● MATERIAL PROVIDED:
┌────────
(* Let $\mu<\lambda$ be infinite cardinals with $\mu^{<\mu}=\mu$ and $\lambda$ regular. Then the forcing notion $\mathbb P(\lambda,\mu)$ satisfies the $\mu^+$-chain condition.
   Context: Let $3$ denote the three-element set of symbols $\{\ge,\perp,u\}$. For a set $w$ of ordinals, $[w]^2=\{(i,j): i<j,\ i,j\in w\}$. A valuation function is a map $p:[w]^2\to 3$ such that: (1) if $i<j<k$ in $w$, $p(i,j)={\ge}$ and $p(j,k)={\ge}$, then $p(i,k)={\ge}$; (2) if $i<j<k$ in $w$ and $\{p(i,j),p(i,k)\}=\{\perp,\ge\}$ then $p(j,k)={\perp}$; and if $i<j<k$, $p(i,j)={\perp}$, $p(j,k)={\ge}$, then $p(i,k)={\perp}$. $\mathbb P(\lambda,\mu)$ is the set of valuation functions whose domain is a subset of $\lambda$ of cardinality less than $\mu$, ordered by reverse inclusion. *)

(* Ordinals/cardinals are modelled as types carrying a strict
   well-order; cardinalities are compared via injections. *)
From Stdlib Require Import Classical.

Set Implicit Arguments.

Definition inj (A B : Type) : Prop :=
  exists f : A -> B, forall x y, f x = f y -> x = y.

Definition strict_wellorder {T : Type} (lt : T -> T -> Prop) : Prop :=
  (forall x, ~ lt x x) /\
  (forall x y z, lt x y -> lt y z -> lt x z) /\
  (forall x y, lt x y \/ x = y \/ lt y x) /\
  well_founded lt.

Definition is_cardinal {T : Type} (lt : T -> T -> Prop) : Prop :=
  forall x, ~ inj T {y | lt y x}.

Definition infinite (T : Type) : Prop := inj nat T.

Definition regular {T : Type} (lt : T -> T -> Prop) : Prop :=
  forall X : T -> Prop, (forall y, exists x, X x /\ ~ lt x y) -> inj T {x | X x}.

(* mu^{<mu} <= mu : the set of all functions alpha -> mu, alpha < mu,
   has cardinality at most mu (it is always >= mu, so this is mu^{<mu} = mu) *)
Definition pow_lt_eq {T : Type} (lt : T -> T -> Prop) : Prop :=
  inj {a : T & ({y | lt y a} -> T)} T.

Inductive three : Type := Ge | Perp | U.

Definition is_valuation {L : Type} (lt : L -> L -> Prop)
  (w : L -> Prop) (p : L -> L -> three) : Prop :=
  forall i j k, w i -> w j -> w k -> lt i j -> lt j k ->
    (p i j = Ge -> p j k = Ge -> p i k = Ge) /\
    ((p i j = Perp /\ p i k = Ge) \/ (p i j = Ge /\ p i k = Perp) -> p j k = Perp) /\
    (p i j = Perp -> p j k = Ge -> p i k = Perp).

(* a condition: a domain w (subset of lambda) and values on [w]^2 *)
Definition cond (L : Type) : Type := ((L -> Prop) * (L -> L -> three))%type.

Definition in_P {L : Type} (lt : L -> L -> Prop) (M : Type) (c : cond L) : Prop :=
  is_valuation lt (fst c) (snd c) /\
  inj {x | fst c x} M /\ ~ inj M {x | fst c x}.

(* q <= p (q extends p; reverse inclusion of functions on [dom]^2) *)
Definition ext {L : Type} (lt : L -> L -> Prop) (q p : cond L) : Prop :=
  (forall i, fst p i -> fst q i) /\
  (forall i j, fst p i -> fst p j -> lt i j -> snd q i j = snd p i j).

Definition compatible {L : Type} (lt : L -> L -> Prop) (M : Type) (p q : cond L) : Prop :=
  exists r, in_P lt M r /\ ext lt r p /\ ext lt r q.

Definition mu_plus_cc {L : Type} (lt : L -> L -> Prop) (M : Type) : Prop :=
  forall (I : Type) (f : I -> cond L),
    (forall i, in_P lt M (f i)) ->
    (forall i j, i <> j -> ~ compatible lt M (f i) (f j)) ->
    inj I M.

From Stdlib Require Import Classical ClassicalEpsilon FunctionalExtensionality
  PropExtensionality Eqdep.

(* Two conditions agreeing on the common part D of their domains are
   compatible: on a pair straddling the two domains put >= or _|_ exactly when
   rules (1)-(3) force it through a point of D, and u otherwise; a case
   analysis on the positions of a triple shows that this is a valuation.

   Using mu^{<mu} = mu and
   the regularity of mu that it implies, build a set C of size mu such that for
   every sequence s of length < mu in C and every condition p of the antichain,
   some condition q of the antichain with domain inside C has the same trace
   (values on pairs from s) as p. Taking for s an enumeration of dom p /\ C,
   q agrees with p on their common domain, so q = p and dom p is inside C.
   A condition with domain in C is then determined, up to compatibility, by
   such a sequence and its trace, and there are only mu of those. *)

Set Implicit Arguments.

Definition seg {T : Type} (lt : T -> T -> Prop) (a : T) : Type := {y | lt y a}.

Definition card_lt (X M : Type) : Prop := inj X M /\ ~ inj M X.

Definition pow_le (M X : Type) : Prop := inj (X -> M) M.

Definition choose {A : Type} (P : A -> Prop) (H : exists x, P x) : A :=
  proj1_sig (constructive_indefinite_description P H).

Lemma choose_spec {A : Type} (P : A -> Prop) (H : exists x, P x) : P (choose P H).
Proof. unfold choose; destruct constructive_indefinite_description; auto. Qed.

Definition dec (P : Prop) : {P} + {~ P} := excluded_middle_informative P.

Lemma inj_refl (A : Type) : inj A A.
Proof. exists (fun x => x); auto. Qed.

Lemma inj_trans (A B C : Type) : inj A B -> inj B C -> inj A C.
Proof. intros [f Hf] [g Hg]; exists (fun x => g (f x)); auto. Qed.

Lemma inj_sig_sub (T C : Type) (P Q : T -> Prop) :
  (forall x, P x -> Q x) -> inj {x | Q x} C -> inj {x | P x} C.
Proof.
  intros H [f Hf]. exists (fun x => f (exist _ (proj1_sig x) (H _ (proj2_sig x)))).
  intros [x px] [y py] E. apply Hf in E. injection E as ->.
  f_equal; apply proof_irrelevance.
Qed.

Lemma inj_fun (X A B : Type) : inj A B -> inj (X -> A) (X -> B).
Proof.
  intros [f Hf]. exists (fun g x => f (g x)). intros g h E.
  extensionality x. apply Hf. exact (equal_f E x).
Qed.

Lemma inj_prod (A B C D : Type) : inj A C -> inj B D -> inj (A * B) (C * D).
Proof.
  intros [f Hf] [g Hg]. exists (fun p => (f (fst p), g (snd p))).
  intros [a b] [a' b'] E; injection E; intros; simpl in *. f_equal; auto.
Qed.

Lemma inj_left_inverse (A B : Type) (f : A -> B) (a0 : A) :
  (forall x y, f x = f y -> x = y) -> exists g : B -> A, forall a, g (f a) = a.
Proof.
  intros Hf.
  exists (fun b => match dec (exists a, f a = b) with
                   | left H => choose _ H | right _ => a0 end).
  intros a. destruct (dec _) as [H|H].
  - apply Hf. exact (choose_spec (fun x => f x = f a) H).
  - exfalso; apply H; exists a; auto.
Qed.

Lemma cantor (M X : Type) (m0 m1 : M) : m0 <> m1 -> pow_le M X -> ~ inj M X.
Proof.
  intros H01 [i Hi] [g Hg].
  destruct (inj_left_inverse i (fun _ => m0) Hi) as [e He].
  destruct (inj_left_inverse g m0 Hg) as [h Hh].
  set (other := fun v : M => if dec (v = m0) then m1 else m0).
  assert (Ho : forall v, other v <> v).
  { intros v; unfold other; destruct (dec _); congruence. }
  set (d := fun x => other (e (h x) x)).
  apply (Ho (d (g (i d)))).
  change (other (d (g (i d))) = other (e (h (g (i d))) (g (i d)))).
  rewrite Hh, He. reflexivity.
Qed.

Lemma pow_le_inj (M X Y : Type) (m0 : M) : inj X Y -> pow_le M Y -> pow_le M X.
Proof.
  intros [f Hf] [i Hi].
  destruct (classic (exists x : X, True)) as [[x0 _]|HX].
  - destruct (inj_left_inverse f x0 Hf) as [h Hh].
    exists (fun phi => i (fun y => phi (h y))).
    intros phi psi E. apply Hi in E. extensionality x.
    rewrite <- (Hh x). exact (equal_f E (f x)).
  - exists (fun _ => m0). intros phi psi _. extensionality x.
    exfalso; apply HX; exists x; auto.
Qed.

Lemma pow_le_card_lt (M X : Type) (m0 m1 : M) : m0 <> m1 -> pow_le M X -> card_lt X M.
Proof.
  intros H01 HX. split.
  - apply inj_trans with (X -> M); [|exact HX].
    exists (fun x y => if dec (y = x) then m1 else m0).
    intros x y E. pose proof (equal_f E x) as E'; cbv beta in E'.
    destruct (dec (x = x)), (dec (x = y)); congruence.
  - exact (cantor H01 HX).
Qed.

Lemma pow_le_unit (M : Type) : pow_le M unit.
Proof. exists (fun phi => phi tt). intros f g E. extensionality z; destruct z; auto. Qed.

Section Cardinal_arithmetic.

Variables (M : Type) (ltM : M -> M -> Prop).
Hypothesis woM : strict_wellorder ltM.
Hypothesis cardM : is_cardinal ltM.
Hypothesis infM : infinite M.
Hypothesis powM : pow_lt_eq ltM.

Lemma three_distinct : exists m0 m1 m2 : M, m0 <> m1 /\ m0 <> m2 /\ m1 <> m2.
Proof.
  destruct infM as [e He]. exists (e 0), (e 1), (e 2).
  repeat split; intro E; apply He in E; discriminate.
Qed.

Lemma two_distinct : exists m0 m1 : M, m0 <> m1.
Proof. destruct three_distinct as (m0 & m1 & _ & H & _ & _). eauto. Qed.

Lemma pow_le_seg a : pow_le M (seg ltM a).
Proof.
  destruct powM as [f Hf]. exists (fun g => f (existT _ a g)).
  intros g h E. apply Hf, inj_pair2 in E. exact E.
Qed.

Lemma seg_card_lt a : card_lt (seg ltM a) M.
Proof.
  split; [|apply cardM].
  exists (@proj1_sig _ _). intros [x hx] [y hy] E; simpl in E; subst.
  f_equal; apply proof_irrelevance.
Qed.

(* Greedy transfinite enumeration of X along M: it either runs through all of
   M, or exhausts X at some stage [a]. *)
Lemma inj_or_inj_seg (X : Type) : inj M X \/ exists a, inj X (seg ltM a).
Proof.
  destruct woM as (_ & _ & Htri & wf).
  destruct two_distinct as (m0 & _ & _).
  destruct (classic (exists x : X, True)) as [[x0 _]|HX].
  2:{ right. exists m0. exists (fun x : X => match HX (ex_intro _ x I) with end).
      intros x; exfalso; apply HX; exists x; auto. }
  set (fresh := fun (m : M) (rec : forall m', ltM m' m -> X) =>
    epsilon (inhabits x0) (fun x => forall m' (h : ltM m' m), rec m' h <> x)).
  set (G := Fix wf (fun _ => X) fresh).
  assert (HG : forall m, G m = epsilon (inhabits x0) (fun x => forall m', ltM m' m -> G m' <> x)).
  { intros m. unfold G. rewrite Fix_eq; [reflexivity|].
    intros x g h Hgh. unfold fresh. f_equal. extensionality y.
    apply propositional_extensionality; split; intros H m' hm.
    - rewrite <- Hgh; auto.
    - rewrite Hgh; auto. }
  destruct (classic (forall m, exists x, forall m', ltM m' m -> G m' <> x)) as [Hall|Hn].
  - left. exists G.
    assert (Hfresh : forall m m', ltM m' m -> G m' <> G m).
    { intros m m' h. rewrite (HG m).
      apply (epsilon_spec (inhabits x0) (fun x => forall m', ltM m' m -> G m' <> x) (Hall m)).
      exact h. }
    intros x y E. destruct (Htri x y) as [h|[h|h]]; auto.
    + exfalso; exact (Hfresh y x h E).
    + exfalso; exact (Hfresh x y h (eq_sym E)).
  - right. apply not_all_ex_not in Hn as [m Hm]. exists m.
    assert (Honto : forall x, exists m' : seg ltM m, G (proj1_sig m') = x).
    { intros x. apply NNPP; intros Hx. apply Hm. exists x. intros m' h E.
      apply Hx. exists (exist _ m' h). auto. }
    exists (fun x => choose _ (Honto x)).
    intros x y E. rewrite <- (choose_spec _ (Honto x)), <- (choose_spec _ (Honto y)), E.
    reflexivity.
Qed.

Lemma card_lt_inj_seg (X : Type) : card_lt X M -> exists a, inj X (seg ltM a).
Proof. intros [_ HMX]. destruct (inj_or_inj_seg X); tauto. Qed.

Lemma card_lt_pow_le (X : Type) : card_lt X M -> pow_le M X.
Proof.
  intros HX. destruct two_distinct as (m0 & _).
  destruct (card_lt_inj_seg HX) as [a Ha].
  exact (pow_le_inj m0 Ha (pow_le_seg a)).
Qed.

Lemma card_lt_inj (X Y : Type) : inj X Y -> card_lt Y M -> card_lt X M.
Proof.
  intros HXY HY. destruct two_distinct as (m0 & m1 & H01).
  exact (pow_le_card_lt H01 (pow_le_inj m0 HXY (card_lt_pow_le HY))).
Qed.

Lemma inj_pair : inj (M * M) M.
Proof.
  destruct three_distinct as (x & y & z & Hxy & Hxz & Hyz).
  destruct woM as (_ & Htr & Htri & _).
  assert (Hbelow : exists a y1 y2, y1 <> y2 /\ ltM y1 a /\ ltM y2 a).
  { assert (exists b c, b <> z /\ c <> z /\ ltM c b) as (b & c & Hbz & Hcz & Hcb).
    { destruct (Htri x y) as [h|[h|h]]; [exists y, x | congruence | exists x, y]; auto. }
    assert (Hbc : b <> c) by (intros ->; destruct woM; firstorder).
    destruct (Htri b z) as [h|[h|h]]; [exists z, b, c | congruence | exists b, c, z];
      repeat split; eauto. }
  destruct Hbelow as (a & y1 & y2 & H12 & h1 & h2).
  apply inj_trans with (seg ltM a -> M); [|apply pow_le_seg].
  exists (fun p (y : seg ltM a) => if dec (proj1_sig y = y1) then fst p else snd p).
  intros [m n] [m' n'] E.
  pose proof (equal_f E (exist _ y1 h1)) as E1.
  pose proof (equal_f E (exist _ y2 h2)) as E2. simpl in *.
  destruct (dec (y1 = y1)); [|congruence]. destruct (dec (y2 = y1)); [congruence|].
  subst; reflexivity.
Qed.

Lemma pow_le_sum (X Y : Type) : pow_le M X -> pow_le M Y -> pow_le M (X + Y).
Proof.
  intros HX HY. apply inj_trans with (M * M)%type; [|exact inj_pair].
  apply inj_trans with ((X -> M) * (Y -> M))%type; [|exact (inj_prod HX HY)].
  exists (fun phi => (fun x => phi (inl x), fun y => phi (inr y))).
  intros g h E. injection E as E1 E2. extensionality z. destruct z as [x|y].
  - exact (equal_f E1 x).
  - exact (equal_f E2 y).
Qed.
└────────
● REQUIRED ACTION: Give the lines of the material above again, exactly, from its first line through the line that contains "Context: Let $3$" and no further.

● RESPONSE TO THE EXERCISE:
(* Let $\mu<\lambda$ be infinite cardinals with $\mu^{<\mu}=\mu$ and $\lambda$ regular. Then the forcing notion $\mathbb P(\lambda,\mu)$ satisfies the $\mu^+$-chain condition.
   Context: Let $3$ denote the three-element set of symbols $\{\ge,\perp,u\}$. For a set $w$ of ordinals, $[w]^2=\{(i,j): i<j,\ i,j\in w\}$. A valuation function is a map $p:[w]^2\to 3$ such that: (1) if $i<j<k$ in $w$, $p(i,j)={\ge}$ and $p(j,k)={\ge}$, then $p(i,k)={\ge}$; (2) if $i<j<k$ in $w$ and $\{p(i,j),p(i,k)\}=\{\perp,\ge\}$ then $p(j,k)={\perp}$; and if $i<j<k$, $p(i,j)={\perp}$, $p(j,k)={\ge}$, then $p(i,k)={\perp}$. $\mathbb P(\lambda,\mu)$ is the set of valuation functions whose domain is a subset of $\lambda$ of cardinality less than $\mu$, ordered by reverse inclusion. *)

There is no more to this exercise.